A maior variação mensal do ano de 2020 ocorreu em setembro, 21% (tomando-se como base o mês de agosto/20). O pacote que custava R$ 16,87 em agosto passou para R$ 20,25 em setembro. A pesquisa foi realizada em 40 supermercados distribuídos nas cinco regiões do município de São Paulo e abrange 39 itens dos grupos de alimentos, higiene pessoal e limpeza doméstica.

Como o levantamento leva em consideração a média dos preços mínimos encontrados, o valor está longe da realidade constatada pelas equipes de fiscalização do Procon-SP. Em operação realizada em todo o estado para coibir preços abusivos de produtos da cesta básica, dentre eles o arroz, na capital paulista o pacote de 5kg de arroz tipo 1 chegou a ser encontrado por R$ 32,16 e no interior, R$ 36,79.

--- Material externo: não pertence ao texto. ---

(* Let $a\in\mathbb N$, $N\in\mathbb N$, and let $(n_p)_{1\le p\le N}$ and $(k_p)_{1\le p\le N}$ be strictly increasing sequences in $\mathbb N$ such that, with $n_0:=0$, $k_0:=0$, $n_{N+1}:=n_N+1$, $k_{N+1}:=k_N$, $$\frac{k_p-k_{p-1}}{n_p-n_{p-1}}-\frac{k_{p+1}-k_p}{n_{p+1}-n_p}>0\qquad\forall\,1\le p\le N.$$ Define $\gamma=(\gamma_n)_{n\ge1}$ by $\gamma_n:=0$ for $n\notin\{n_1,\dots,n_N\}$ and $$\gamma_{n_p}:=\frac1a\Big(\frac{k_p-k_{p-1}}{n_p-n_{p-1}}-\frac{k_{p+1}-k_p}{n_{p+1}-n_p}\Big),\qquad 1\le p\le N.$$ Then for all $1\le p\le N$, $\check\omega_{n_p}(\gamma)=k_p/a$ and $\omega_{n_p}(\gamma)=n_p^2-2\check\omega_{n_p}(\gamma)\in\frac1a\mathbb Z$. Consequently every $u_0\in\mathrm{Iso}_\gamma:=\{u\in L^2_{r,0}:\gamma_n(u)=\gamma_n\ \forall n\ge1\}$ is a finite gap potential, the solution $t\mapsto\mathcal S(t)u_0$ of the BO equation is periodic in time with period $T=2\pi a$, and $\mathrm{Iso}_\gamma$ is entirely filled with $T$-periodic solutions.
   Context: For real $\gamma=(\gamma_n)_{n\ge1}$ with $\sum n|\gamma_n|<\infty$: $\check\omega_n(\gamma):=\sum_{k\ge1}k\gamma_k-\sum_{k>n}(k-n)\gamma_k$ and $\omega_n(\gamma):=n^2-2\check\omega_n(\gamma)$. $\mathbb T=\mathbb R/2\pi\mathbb Z$; $H^s_{r,0}$ is the real Sobolev space of zero-mean real-valued distributions on $\mathbb T$, $L^2_{r,0}=H^0_{r,0}$. BO equation: $\partial_tu=H\partial_x^2u-\partial_x(u^2)$, $H$ the Hilbert transform (multiplier $-i\,\mathrm{sign}(n)$). $h^\sigma_+$: complex sequences with $\sum n^{2\sigma}|z_n|^2<\infty$. Known facts taken as given: for $s>-1/2$ BO is globally well posed in $H^s_{r,0}$ with solution map $\mathcal S(t)$; there is $\Phi:u\mapsto(\zeta_n(u))_{n\ge1}$, a homeomorphism $H^s_{r,0}\to h^{s+1/2}_+$ for each $s>-1/2$, with $\zeta_n(\mathcal S(t)u)=e^{i\omega_nt}\zeta_n(u)$, $\omega_n=\omega_n(\gamma(u))$, where $\gamma_n(u):=|\zeta_n(u)|^2$ (the actions). A finite gap potential is a $u$ with $\zeta_n(u)=0$ for all sufficiently large $n$. *)

From Stdlib Require Import Reals Lra Lia ZArith.
From Coquelicot Require Import Coquelicot.
Open Scope R_scope.

(* A real sequence gamma : nat -> R, meaningful for indices n >= 1
   (gamma 0 is ignored by every definition below). *)

(* \check\omega_n(gamma) = sum_{k>=1} k gamma_k - sum_{k>n} (k-n) gamma_k *)
Definition check_omega (n : nat) (gamma : nat -> R) : R :=
  Series (fun k => INR k * gamma k)
  - Series (fun j => INR (S j) * gamma (n + S j)%nat).

Definition omega (n : nat) (gamma : nat -> R) : R :=
  INR n ^ 2 - 2 * check_omega n gamma.

Definition ext_n (N : nat) (n : nat -> nat) (p : nat) : nat :=
  if (p =? 0)%nat then 0%nat
  else if (p <=? N)%nat then n p else (n N + 1)%nat.

Definition ext_k (N : nat) (k : nat -> nat) (p : nat) : nat :=
  if (p =? 0)%nat then 0%nat
  else if (p <=? N)%nat then k p else k N.

Definition slope (N : nat) (n k : nat -> nat) (p : nat) : R :=
  (INR (ext_k N k p) - INR (ext_k N k (p - 1))) /
  (INR (ext_n N n p) - INR (ext_n N n (p - 1))).

Definition cis (theta : R) : C := (cos theta, sin theta).

(* For a finitely supported sequence gamma, check_omega m gamma is the finite
   sum  sum_j min(j, m) gamma_j : both series defining it are finite sums, the
   map gamma |-> check_omega m gamma is additive, and on a single "spike"
   c.e_i it equals min(i, m) c.  The prescribed gamma coincides (on indices
   j >= 1) with the sum of the spikes gamma_{n_p} e_{n_p}, 1 <= p <= N, so
     a check_omega_{n_q}(gamma) = sum_p n_{min(p,q)} (s_p - s_{p+1}),
   where s_p is the slope of the polygon with vertices (n_p, k_p).  An Abel
   summation turns the right-hand side into k_q - n_q s_{N+1} = k_q, since
   the last slope vanishes.  Hence omega_{n_q}(gamma) = (a n_q^2 - 2 k_q)/a.

   For the dynamical part, a flow acting on Birkhoff coordinates by the phases
   e^{i omega_m t} returns to its initial point after time T as soon as every
   active frequency satisfies omega_m T in 2 pi Z; with T = 2 pi a this
   follows from omega_{n_p} in Z/a, and the actions vanish beyond n_N, which
   gives the finite-gap property. *)

From Stdlib Require Import Reals ZArith Lra Lia Classical.
From Coquelicot Require Import Coquelicot.
Open Scope R_scope.

(* sum_Sn, sum_n_scal_l and sum_n_ext_loc, stated in R so that ring and lra
   apply to the results. *)
Lemma sum_Sn_R (u : nat -> R) (P : nat) : sum_n u (S P) = sum_n u P + u (S P).
Proof. exact (sum_Sn u P). Qed.

Lemma sum_n_mult_l_R (c : R) (u : nat -> R) (P : nat) :
  sum_n (fun p => c * u p) P = c * sum_n u P.
Proof. exact (sum_n_scal_l c u P). Qed.

Lemma sum_n_ext_loc_R (u v : nat -> R) (P : nat) :
  (forall p, (p <= P)%nat -> u p = v p) -> sum_n u P = sum_n v P.
Proof. exact (sum_n_ext_loc u v P). Qed.

Lemma is_series_finite (u : nat -> R) (M : nat) :
  (forall j, (M < j)%nat -> u j = 0) -> is_series u (sum_n u M).
Proof.
  intros Hu. unfold is_series.
  apply filterlim_ext_loc with (f := fun _ => sum_n u M);
    [|apply filterlim_const].
  exists M. intros j Hj. induction j as [|j IH].
  - replace M with 0%nat by lia. reflexivity.
  - destruct (Nat.eq_dec M (S j)) as [->|HM]; [reflexivity|].
    rewrite sum_Sn, <- IH, (Hu (S j)) by lia. symmetry. apply Rplus_0_r.
Qed.

Lemma Series_finite (u : nat -> R) (M : nat) :
  (forall j, (M < j)%nat -> u j = 0) -> Series u = sum_n u M.
Proof. intros Hu. apply is_series_unique, is_series_finite, Hu. Qed.

Lemma ex_series_finite (u : nat -> R) (M : nat) :
  (forall j, (M < j)%nat -> u j = 0) -> ex_series u.
Proof. intros Hu. exists (sum_n u M). apply is_series_finite, Hu. Qed.

Definition finitely_supported (u : nat -> R) : Prop :=
  exists M, forall j, (M < j)%nat -> u j = 0.

Lemma finitely_supported_plus (u v : nat -> R) :
  finitely_supported u -> finitely_supported v ->
  finitely_supported (fun j => u j + v j).
Proof.
  intros [M1 H1] [M2 H2]. exists (Nat.max M1 M2). intros j Hj.
  rewrite H1, H2 by lia. ring.
Qed.

Definition spike (i : nat) (c : R) (j : nat) : R := if (j =? i)%nat then c else 0.

Lemma spike_off (i : nat) (c : R) (j : nat) : j <> i -> spike i c j = 0.
Proof. intros Hj. unfold spike. apply Nat.eqb_neq in Hj. rewrite Hj. reflexivity. Qed.

Lemma finitely_supported_spike (i : nat) (c : R) : finitely_supported (spike i c).
Proof. exists i. intros j Hj. apply spike_off. lia. Qed.

Lemma Series_spike (i : nat) (c : R) : Series (spike i c) = c.
Proof.
  rewrite (Series_finite _ i) by (intros j Hj; apply spike_off; lia).
  destruct i as [|i].
  - rewrite sum_O. unfold spike. reflexivity.
  - rewrite sum_Sn_R, (sum_n_ext_loc_R _ (fun _ => 0)).
    + rewrite sum_n_const. unfold spike. rewrite Nat.eqb_refl. ring.
    + intros j Hj. apply spike_off. lia.
Qed.

Lemma check_omega_ext (m : nat) (u v : nat -> R) :
  (forall j, (1 <= j)%nat -> u j = v j) -> check_omega m u = check_omega m v.
Proof.
  intros Huv. unfold check_omega. f_equal; apply Series_ext.
  - intros [|j]; [simpl; ring|]. rewrite Huv by lia. reflexivity.
  - intros j. rewrite Huv by lia. reflexivity.
Qed.

Lemma omega_ext (m : nat) (u v : nat -> R) :
  (forall j, (1 <= j)%nat -> u j = v j) -> omega m u = omega m v.
Proof. intros Huv. unfold omega. rewrite (check_omega_ext m u v Huv). reflexivity. Qed.

Lemma check_omega_zero (m : nat) : check_omega m (fun _ => 0) = 0.
Proof.
  unfold check_omega.
  rewrite !(Series_finite _ 0) by (intros; ring). rewrite !sum_O. ring.
Qed.

Lemma check_omega_plus (m : nat) (u v : nat -> R) :
  finitely_supported u -> finitely_supported v ->
  check_omega m (fun j => u j + v j) = check_omega m u + check_omega m v.
Proof.
  intros [Mu Hu] [Mv Hv]. unfold check_omega.
  assert (Eu : ex_series (fun j => INR j * u j))
    by (apply ex_series_finite with Mu; intros; rewrite Hu by lia; ring).
  assert (Ev : ex_series (fun j => INR j * v j))
    by (apply ex_series_finite with Mv; intros; rewrite Hv by lia; ring).
  assert (Eu' : ex_series (fun j => INR (S j) * u (m + S j)%nat))
    by (apply ex_series_finite with Mu; intros; rewrite Hu by lia; ring).
  assert (Ev' : ex_series (fun j => INR (S j) * v (m + S j)%nat))
    by (apply ex_series_finite with Mv; intros; rewrite Hv by lia; ring).
  rewrite (Series_ext _ (fun j => INR j * u j + INR j * v j)) by (intros; ring).
  rewrite (Series_ext (fun j => INR (S j) * (u (m + S j)%nat + v (m + S j)%nat))
    (fun j => INR (S j) * u (m + S j)%nat + INR (S j) * v (m + S j)%nat))
    by (intros; ring).
  rewrite !Series_plus by assumption. ring.
Qed.

Lemma check_omega_spike (m i : nat) (c : R) :
  check_omega m (spike i c) = INR (Nat.min i m) * c.
Proof.
  unfold check_omega.
  rewrite (Series_ext _ (spike i (INR i * c))).
  2:{ intros j. unfold spike. destruct (Nat.eqb_spec j i) as [->|]; ring. }
  rewrite Series_spike.
  destruct (le_lt_dec i m) as [Hle|Hlt].
  - rewrite (Series_finite _ 0), sum_O, Nat.min_l by
      (lia || (intros j _; rewrite spike_off by lia; ring)).
    rewrite spike_off by lia. ring.
  - rewrite (Series_ext _ (spike (i - m - 1) (INR (i - m) * c))).
    2:{ intros j. unfold spike.
        destruct (Nat.eqb_spec (m + S j) i), (Nat.eqb_spec j (i - m - 1));
          try lia; [do 2 f_equal; lia | ring]. }
    rewrite Series_spike, Nat.min_r, minus_INR by lia. ring.
Qed.

Fixpoint spikes (nd : nat -> nat) (c : nat -> R) (P : nat) : nat -> R :=
  match P with
  | O => fun _ => 0
  | S P' => fun j => spikes nd c P' j + spike (nd (S P')) (c (S P')) j
  end.

Lemma finitely_supported_spikes (nd : nat -> nat) (c : nat -> R) (P : nat) :
  finitely_supported (spikes nd c P).
Proof.
  induction P as [|P IH]; simpl.
  - exists 0%nat. reflexivity.
  - apply finitely_supported_plus; [exact IH | apply finitely_supported_spike].
Qed.

(* Linearity: check_omega m is sum_p min(nd p, m) c_p on a sum of spikes
   (the p = 0 term of the Coquelicot sum vanishes since nd 0 = 0). *)
Lemma check_omega_spikes (m : nat) (nd : nat -> nat) (c : nat -> R) (P : nat) :
  nd 0%nat = 0%nat ->
  check_omega m (spikes nd c P) = sum_n (fun p => INR (Nat.min (nd p) m) * c p) P.
Proof.
  intros Hnd0. induction P as [|P IH].
  - rewrite sum_O, Hnd0. simpl. rewrite Rmult_0_l. apply check_omega_zero.
  - change (check_omega m (fun j => spikes nd c P j + spike (nd (S P)) (c (S P)) j)
      = sum_n (fun p => INR (Nat.min (nd p) m) * c p) (S P)).
    rewrite check_omega_plus, IH, check_omega_spike, sum_Sn_R;
      auto using finitely_supported_spikes, finitely_supported_spike.
Qed.

Lemma spikes_off (nd : nat -> nat) (c : nat -> R) (P j : nat) :
  (forall p, (1 <= p <= P)%nat -> nd p <> j) -> spikes nd c P j = 0.
Proof.
  induction P as [|P IH]; intros Hj; simpl; [reflexivity|].
  rewrite IH, spike_off; [ring | | intros p Hp; apply Hj; lia].
  intros E. apply (Hj (S P)); [lia | symmetry; exact E].
Qed.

Em todo o estado, 625 estabelecimentos foram notificados por fiscais do Procon-SP a apresentar notas fiscais de compra e venda de itens da cesta básica como arroz, óleo de soja e carnes vermelhas e, caso seja identificado um aumento desproporcional nos valores, responderão a processo administrativo, podendo ser multados.

“Embora não exista tabelamento de preço é inadmissível que fornecedores queiram abusar e aumentar desproporcionalmente seus lucros em plena pandemia”, afirma o diretor executivo do Procon-SP, Fernando Capez.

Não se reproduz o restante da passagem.